Aim of the task:
In the material below, find the line containing "Definition finite_type (Q" and the line containing "-> Q) : Prop", then reproduce exactly both of them and every line between, and nothing else.

--- START ---

(* Let $F$ be a $2$-dimensional freezing cellular automaton with neighborhood $\mathrm{VN}_2$, let $c$ be a configuration, $z\in\mathbb{Z}^2$ and $t\geq1$ with $F^t(c)_z\neq c_z$. Then there exist a position $z'$ which is unstable in $c$ and a changing path of length at most $t$ from $z$ to $z'$ between the configurations $c$ and $F^t(c)$.
   Context: A $2$-dimensional cellular automaton is $F=(2,Q,N,f)$ with $Q$ finite, $N\subset\mathbb{Z}^2$ finite, $f:Q^N\to Q$, global map $F(c)_z=f(c|_{z+N})$; it is freezing if there is a partial order $\preceq$ on $Q$ with $F(c)_z\preceq c_z$ for all $c,z$. $\mathrm{VN}_2=\{(0,0),(\pm1,0),(0,\pm1)\}$. A position $z$ is stable in $c$ if $F(c)_z=c_z$ and unstable otherwise. A changing path from $z$ to $z'$ between configurations $c$ and $F^t(c)$ is a sequence $z_1,\dots,z_n$ of positions with $z_1=z$, $z_n=z'$, $z_{i+1}\in z_i+\mathrm{VN}_2$ for all $i<n$, and $c_{z_i}\neq F^t(c)_{z_i}$ for all $i$; its length is $n$. *)

From Stdlib Require Import ZArith List.
Import ListNotations.
Open Scope Z_scope.

Definition pos := (Z * Z)%type.
Definition config (Q : Type) := pos -> Q.
Definition padd (a b : pos) : pos := (fst a + fst b, snd a + snd b).

Inductive vn := VC | VE | VW | VN | VS.
Definition voff (d : vn) : pos :=
  match d with
  | VC => (0, 0) | VE => (1, 0) | VW => (-1, 0) | VN => (0, 1) | VS => (0, -1)
  end.
Definition in_VN2 (v : pos) : Prop := exists d, v = voff d.

Definition finite_type (Q : Type) : Prop := exists l : list Q, forall q, In q l.

Definition global {Q : Type} (f : (vn -> Q) -> Q) (c : config Q) : config Q :=
  fun z => f (fun d => c (padd z (voff d))).

Definition iterF {Q : Type} (f : (vn -> Q) -> Q) (t : nat) (c : config Q) : config Q :=
  Nat.iter t (global f) c.

Definition partial_order {Q : Type} (le : Q -> Q -> Prop) : Prop :=
  (forall x, le x x) /\
  (forall x y, le x y -> le y x -> x = y) /\
  (forall x y z, le x y -> le y z -> le x z).

Definition freezing {Q : Type} (f : (vn -> Q) -> Q) : Prop :=
  exists le : Q -> Q -> Prop, partial_order le /\
    forall (c : config Q) (z : pos), le (global f c z) (c z).

Definition unstable {Q : Type} (f : (vn -> Q) -> Q) (c : config Q) (z : pos) : Prop :=
  global f c z <> c z.

Definition changing_path {Q : Type} (c c' : config Q) (p : list pos) (z z' : pos) : Prop :=
  (1 <= length p)%nat /\
  nth 0 p (0, 0) = z /\
  nth (length p - 1) p (0, 0) = z' /\
  (forall i, (S i < length p)%nat ->
     exists d, nth (S i) p (0, 0) = padd (nth i p (0, 0)) (voff d)) /\
  (forall i, (i < length p)%nat -> c (nth i p (0, 0)) <> c' (nth i p (0, 0))).

(* Freezing forbids a cell from leaving a state and returning to it, so a cell
   differing between c and F^t(c) has changed for good, and a cell that changes
   from F(c) onwards already differs between c and F^t(c).  Induct on t: if z is
   stable in c, the induction hypothesis for F(c) gives a changing path from z
   to a cell z2 unstable in F(c).  If z2 is stable in c, some neighbour of z2
   must change in the first step; it is unstable in c and extends the path by
   one cell. *)

From Stdlib Require Import ZArith List Lia Classical FunctionalExtensionality.
Import ListNotations.

Lemma iterF_succ_r {Q : Type} (f : (vn -> Q) -> Q) (n : nat) (c : config Q) :
  iterF f (S n) c = iterF f n (global f c).
Proof.
  unfold iterF; induction n as [|n IH]; simpl; [reflexivity|].
  simpl in IH; rewrite IH; reflexivity.
Qed.

Lemma global_neighbor_differs {Q : Type} (f : (vn -> Q) -> Q) (c1 c2 : config Q) (x : pos) :
  global f c1 x <> global f c2 x -> exists d, c1 (padd x (voff d)) <> c2 (padd x (voff d)).
Proof.
  intros Hx; apply NNPP; intros Hnone; apply Hx.
  unfold global; f_equal; apply functional_extensionality; intros d.
  apply NNPP; intros Hd; apply Hnone; exists d; exact Hd.
Qed.

Section ChangingPaths.

Variables (Q : Type) (c c' : config Q).

Lemma changing_path_singleton (z : pos) : c z <> c' z -> changing_path c c' [z] z z.
Proof.
  intros Hz; repeat split; simpl; auto.
  - intros i Hi; lia.
  - intros i Hi; destruct i; [exact Hz | lia].
Qed.

Lemma changing_path_snoc (p : list pos) (z z' : pos) (d : vn) :
  changing_path c c' p z z' ->
  c (padd z' (voff d)) <> c' (padd z' (voff d)) ->
  changing_path c c' (p ++ [padd z' (voff d)]) z (padd z' (voff d)).
Proof.
  intros [Hlen [Hhd [Hlast [Hstep Hdiff]]]] Hw.
  unfold changing_path; rewrite length_app; simpl.
  repeat split.
  - lia.
  - rewrite app_nth1 by lia; exact Hhd.
  - rewrite app_nth2 by lia.
    replace (length p + 1 - 1 - length p)%nat with 0%nat by lia; reflexivity.
  - intros i Hi; destruct (Nat.lt_ge_cases (S i) (length p)).
    + rewrite !app_nth1 by lia; apply Hstep; exact H.
    + rewrite app_nth2, app_nth1 by lia.
      replace (S i - length p)%nat with 0%nat by lia.
      exists d; replace i with (length p - 1)%nat by lia; rewrite Hlast; reflexivity.
  - intros i Hi; destruct (Nat.lt_ge_cases i (length p)).
    + rewrite app_nth1 by lia; apply Hdiff; exact H.
    + rewrite app_nth2 by lia.
      replace (i - length p)%nat with 0%nat by lia; exact Hw.
Qed.

Lemma changing_path_weaken (c0 : config Q) (p : list pos) (z z' : pos) :
  (forall x, c0 x <> c' x -> c x <> c' x) ->
  changing_path c0 c' p z z' -> changing_path c c' p z z'.
Proof.
  intros Hsub [Hlen [Hhd [Hlast [Hstep Hdiff]]]]; repeat split; auto.
Qed.

End ChangingPaths.

Section Freezing.

Variables (Q : Type) (f : (vn -> Q) -> Q) (le : Q -> Q -> Prop).
Hypothesis le_order : partial_order le.
Hypothesis global_le : forall (c : config Q) (z : pos), le (global f c z) (c z).

Lemma iterF_le (n : nat) (c : config Q) (x : pos) : le (iterF f n c x) (c x).
Proof.
  destruct le_order as [le_refl [_ le_trans]].
  revert c; induction n as [|n IH]; intros c; simpl.
  - apply le_refl.
  - eapply le_trans; [apply global_le | apply IH].
Qed.

Lemma stable_of_iterF_eq (n : nat) (c : config Q) (x : pos) :
  iterF f (S n) c x = c x -> global f c x = c x.
Proof.
  destruct le_order as [_ [le_antisym _]].
  intros Hret; apply le_antisym; [apply global_le|].
  rewrite <- Hret at 1; rewrite iterF_succ_r; apply iterF_le.
Qed.

Lemma differs_of_global_differs (n : nat) (c : config Q) (x : pos) :
  global f c x <> iterF f (S n) c x -> c x <> iterF f (S n) c x.
Proof.
  intros Hx Hret; apply Hx; rewrite <- Hret.
  apply (stable_of_iterF_eq n); symmetry; exact Hret.
Qed.

Lemma changing_path_to_unstable (n : nat) (c : config Q) (z : pos) :
  iterF f (S n) c z <> c z ->
  exists (z' : pos) (p : list pos),
    unstable f c z' /\ changing_path c (iterF f (S n) c) p z z' /\ (length p <= S n)%nat.
Proof.
  revert c z; induction n as [|n IH]; intros c z Hz.
  { exists z, [z]; split; [exact Hz | split; [|simpl; lia]].
    apply changing_path_singleton; auto. }
  destruct (classic (global f c z = c z)) as [Hzs|Hzu].
  2:{ exists z, [z]; split; [exact Hzu | split; [|simpl; lia]].
      apply changing_path_singleton; auto. }
  rewrite iterF_succ_r in Hz |- *.
  destruct (IH (global f c) z) as [z2 [p [Hz2 [Hp Hlen]]]]; [congruence|].
  assert (Hp' : changing_path c (iterF f (S n) (global f c)) p z z2).
  { apply (changing_path_weaken _ _ _ (global f c)); [|exact Hp].
    intros x; rewrite <- iterF_succ_r; apply differs_of_global_differs. }
  destruct (classic (global f c z2 = c z2)) as [Hz2s|Hz2u].
  2:{ exists z2, p; auto. }
  destruct (global_neighbor_differs f (global f c) c z2) as [d Hd]; [congruence|].
  exists (padd z2 (voff d)), (p ++ [padd z2 (voff d)]); split; [exact Hd | split].
  - apply changing_path_snoc; [exact Hp'|].
    intros Hret; apply Hd, (stable_of_iterF_eq (S n)).
    rewrite iterF_succ_r; symmetry; exact Hret.
  - rewrite length_app; simpl; lia.
Qed.

End Freezing.

Theorem mainTheorem8 (Q : Type) (HQ : finite_type Q) (f : (vn -> Q) -> Q)
  (Hfr : freezing f) (c : config Q) (z : pos) (t : nat) (Ht : (1 <= t)%nat)
  (Hz : iterF f t c z <> c z) :
  exists (z' : pos) (p : list pos),
    unstable f c z' /\ changing_path c (iterF f t c) p z z' /\ (length p <= t)%nat.
Proof.
  destruct Hfr as [le [le_order global_le]].
  destruct t as [|n]; [lia|].
  exact (changing_path_to_unstable Q f le le_order global_le n c z Hz).
Qed.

--- END ---

Output:
Definition finite_type (Q : Type) : Prop := exists l : list Q, forall q, In q l.

Definition global {Q : Type} (f : (vn -> Q) -> Q) (c : config Q) : config Q :=
  fun z => f (fun d => c (padd z (voff d))).

Definition iterF {Q : Type} (f : (vn -> Q) -> Q) (t : nat) (c : config Q) : config Q :=
  Nat.iter t (global f) c.

Definition partial_order {Q : Type} (le : Q -> Q -> Prop) : Prop :=
  (forall x, le x x) /\
  (forall x y, le x y -> le y x -> x = y) /\
  (forall x y z, le x y -> le y z -> le x z).

Definition freezing {Q : Type} (f : (vn -> Q) -> Q) : Prop :=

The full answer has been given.